Los detectores de metales operan mediante principios electromagnéticos. Consisten en una o más bobinas que generan un campo magnético. Cuando un producto alimenticio pasa a través de este campo, el sistema detecta cualquier alteración en el mismo. Existen tres tipos de bobinas principales:

  • Bobina simple: Un campo magnético constante rodea el túnel de inspección. Cuando un metal ferromagnético pasa, el campo magnético cambia, lo que es detectado.

  • Bobina doble: Se utilizan dos bobinas opuestas. Se crea un campo magnético en el área central. Los metales alteran la relación entre los campos magnéticos, lo que el sistema detecta.

  • Bobina con tres canales: Es la más común en la industria. Consiste en una bobina transmisora central y dos bobinas receptoras a los lados. En condiciones normales, el voltaje inducido en las bobinas receptoras es equilibrado y la señal resultante es cero. Si un metal pasa a través del detector, se altera el equilibrio y se genera una señal que activa la alarma.

Tipos de Metales y Sensibilidad de Detección

Los detectores de metales son capaces de identificar tres categorías principales de metales:

  1. Metales Ferrosos: Como el hierro y el acero. Son los más fáciles de detectar debido a sus propiedades magnéticas.

  2. Metales No Ferrosos: Incluyen el aluminio y el cobre. Son conductores de electricidad pero no magnéticos. Son más difíciles de detectar que los ferrosos.

  3. Acero Inoxidable: Es uno de los más desafiantes de detectar. Su detección depende de las propiedades magnéticas de la aleación y puede requerir detectores de mayor sensibilidad.

La sensibilidad de un detector se mide por el tamaño mínimo de la partícula metálica que puede detectar. Esta sensibilidad puede variar según el producto, su composición (contenido de humedad o sal) y la velocidad de la línea de producción. Un producto con alto contenido de agua, como la carne, puede tener un "efecto de producto" que puede reducir la sensibilidad del detector.

Sistemas de Rechazo y Procedimientos de Seguridad

Una vez que se detecta un metal, el detector activa un mecanismo de rechazo automático.

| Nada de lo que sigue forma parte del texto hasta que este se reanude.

(** Induction step: write [P_p] as the union of the Pi^0_{k+1} sets
    [A_{p,i}], uniformly define the complements [~ A_{p,i}] at level [k] with
    index [<p, i>], and obtain [P_t] as [exists i, ~ (F <t, i>)]. *)
Lemma uniform_definition_step (k : nat) :
  (forall P, (forall p, boldSigma (S k) (P p)) -> exists F, uniformly_defines k P F) ->
  forall P, (forall p, boldSigma (S (S k)) (P p)) ->
  exists F, uniformly_defines (S k) P F.
Proof.
  intros IH P HP.
  destruct (choice (fun p (A : nat -> Baire -> Prop) =>
                      (forall i, boldSigma (S k) (fun f => ~ A i f)) /\
                      (forall f, P p f <-> exists i, A i f)) HP) as [A HA].
  set (x := S (S k)).
  destruct (IH (fun q f => ~ A (fst (of_nat q)) (snd (of_nat q)) f)) as [F HF].
  { intro q; apply HA. }
  exists (fun t => FEx x (dual (F (pair_term t x)))); intro t.
  destruct (HF (pair_term t x)) as [HS [Hfree Hsem]]; split; [|split].
  - exact (proj1 (dual_class _ _) HS).
  - intros y [Hyx Hy]; apply dual_free, Hfree, pair_term_occ in Hy.
    destruct Hy; [assumption | contradiction].
  - intros Ht f env.
    assert (Hslice : forall v,
              sat f (upd env x v) (F (pair_term t x)) <-> ~ A (evalT f env t) v f).
    { intro v; rewrite Hsem.
      - change (~ A (fst (of_nat (to_nat (evalT f (upd env x v) t, upd env x v x))))
                  (snd (of_nat (to_nat (evalT f (upd env x v) t, upd env x v x)))) f
                <-> ~ A (evalT f env t) v f).
        rewrite cancel_of_to, evalT_upd_fresh by (intros y Hy; apply Ht in Hy; lia).
        unfold upd; rewrite Nat.eqb_refl; reflexivity.
      - intros y Hy; apply pair_term_occ in Hy.
        destruct Hy as [Hy| ->]; [apply Ht in Hy|]; unfold x; lia. }
    change ((exists v, sat f (upd env x v) (dual (F (pair_term t x)))) <->
            P (evalT f env t) f).
    setoid_rewrite dual_sat; setoid_rewrite Hslice; rewrite (proj2 (HA _)).
    split; intros [v Hv]; exists v; tauto.
Qed.

Lemma uniform_definition (k : nat) (P : nat -> Baire -> Prop) :
  (forall p, boldSigma (S k) (P p)) -> exists F, uniformly_defines k P F.
Proof.
  revert P; induction k as [|k IH]; intros P HP.
  - exists (open_template P); apply open_template_defines, HP.
  - apply uniform_definition_step; assumption.
Qed.

(** Lower bound: a Sigma^0_{k+1} set is defined by the instance of its
    uniform definition at a closed term. *)
Lemma boldSigma_definable (k : nat) (A : Baire -> Prop) :
  boldSigma (S k) A ->
  exists phi, sentence phi /\ SigmaF (S k) phi /\ forall f, A f <-> models f phi.
Proof.
  intro HA; destruct (uniform_definition k (fun _ => A) (fun _ => HA)) as [F HF].
  destruct (HF (TConst 0)) as [HS [Hfree Hsem]].
  exists (F (TConst 0)); split; [|split].
  - intros x Hx; exact (Hfree x Hx).
  - exact HS.
  - intro f; unfold models; rewrite Hsem; [reflexivity | contradiction].
Qed.

(** Lower bound for Pi^0_{k+1}, by dualizing the definition of the complement. *)
Lemma boldPi_definable (k : nat) (A : Baire -> Prop) :
  boldPi (S k) A ->
  exists phi, sentence phi /\ PiF (S k) phi /\ forall f, A f <-> models f phi.
Proof.
  intro HA; destruct (boldSigma_definable k _ HA) as [phi [Hs [HS Hdef]]].
  destruct (definable_complement _ _ _ Hs HS Hdef) as [Hs' [HP Hdef']].
  exists (dual phi); split; [|split]; auto.
  intro f; rewrite <- Hdef'; split; [tauto | apply NNPP].
Qed.

Lemma SigmaF_sentence_bold (k : nat) (A : Baire -> Prop) (phi : formula) :
  SigmaF (S k) phi -> (forall f, A f <-> models f phi) -> boldSigma (S k) A.
Proof.
  intros HS Hdef; eapply boldSigma_ext; [|exact (proj1 (formula_bold k phi (fun _ => 0)) HS)].
  intro f; rewrite Hdef; reflexivity.
Qed.

Lemma PiF_sentence_bold (k : nat) (A : Baire -> Prop) (phi : formula) :
  PiF (S k) phi -> (forall f, A f <-> models f phi) -> boldPi (S k) A.
Proof.
  intros HP Hdef; eapply boldSigma_ext; [|exact (proj2 (formula_bold k phi (fun _ => 0)) HP)].
  intro f; simpl; rewrite Hdef; reflexivity.
Qed.

(** Two sentences with the same models, one Sigma_n and one Pi_n, witness
    that the first is Delta_n: for sentences the assignment is irrelevant. *)
Lemma sentence_DeltaF (n : nat) (phi chi : formula) :
  sentence phi -> SigmaF n phi -> sentence chi -> PiF n chi ->
  (forall f, models f phi <-> models f chi) -> DeltaF n phi.
Proof.
  intros Hs Hphi Hs' Hchi Heq; split.
  - exists phi; split; [exact Hphi | reflexivity].
  - exists chi; split; [exact Hchi|]; intros f env.
    rewrite (sentence_sat phi f env Hs), (sentence_sat chi f env Hs'); apply Heq.
Qed.

Theorem mainTheorem9 (S : Baire -> Prop) (n : nat) (hn : 0 < n) :
  (boldSigma n S <->
     exists phi, sentence phi /\ SigmaF n phi /\ forall f, S f <-> models f phi) /\
  (boldPi n S <->
     exists phi, sentence phi /\ PiF n phi /\ forall f, S f <-> models f phi) /\
  (boldDelta n S <->
     exists phi, sentence phi /\ DeltaF n phi /\ forall f, S f <-> models f phi).
Proof.
  destruct n as [|k]; [lia|]; split; [|split].
  - split; [apply boldSigma_definable|].
    intros [phi [_ [HS Hdef]]]; exact (SigmaF_sentence_bold k S phi HS Hdef).
  - split; [apply boldPi_definable|].
    intros [phi [_ [HP Hdef]]]; exact (PiF_sentence_bold k S phi HP Hdef).
  - split.
    + intros [HS HP].
      destruct (boldSigma_definable k _ HS) as [phi [Hs [Hphi Hdef]]].
      destruct (boldPi_definable k _ HP) as [chi [Hs' [Hchi Hdef']]].
      exists phi; split; [exact Hs|]; split; [|exact Hdef].
      apply (sentence_DeltaF _ phi chi Hs Hphi Hs' Hchi).
      intro f; rewrite <- Hdef, <- Hdef'; reflexivity.
    + intros [phi [_ [[[psi [Hpsi Epsi]] [chi [Hchi Echi]]] Hdef]]]; split.
      * apply (SigmaF_sentence_bold k S psi Hpsi).
        intro f; rewrite Hdef; apply Epsi.
      * apply (PiF_sentence_bold k S chi Hchi).
        intro f; rewrite Hdef; apply Echi.
Qed.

Los mecanismos de rechazo más comunes son:

  • Pistones neumáticos: Empujan el producto fuera de la línea de producción.

  • Brazos deflectores: Desvían el producto a un contenedor de rechazo.

  • Flaps o aletas: Abren una compuerta para que el producto caiga en un contenedor.

Los sistemas de detección de metales son un componente clave del análisis de peligros y puntos críticos de control (APPCC). Es fundamental realizar pruebas de rutina con muestras de metal para asegurar que el detector esté funcionando correctamente. Estos controles de calidad garantizan que el producto final sea seguro para el consumidor y cumplen con las normativas de seguridad alimentaria.

Tendencias Futuras

La tecnología de detección de metales sigue evolucionando. Las tendencias incluyen el uso de inteligencia artificial para mejorar la precisión y reducir las falsas alarmas, así como la integración con otros sistemas de inspección, como los de rayos X, para una detección más completa de contaminantes, incluyendo vidrio, hueso y plásticos de alta densidad.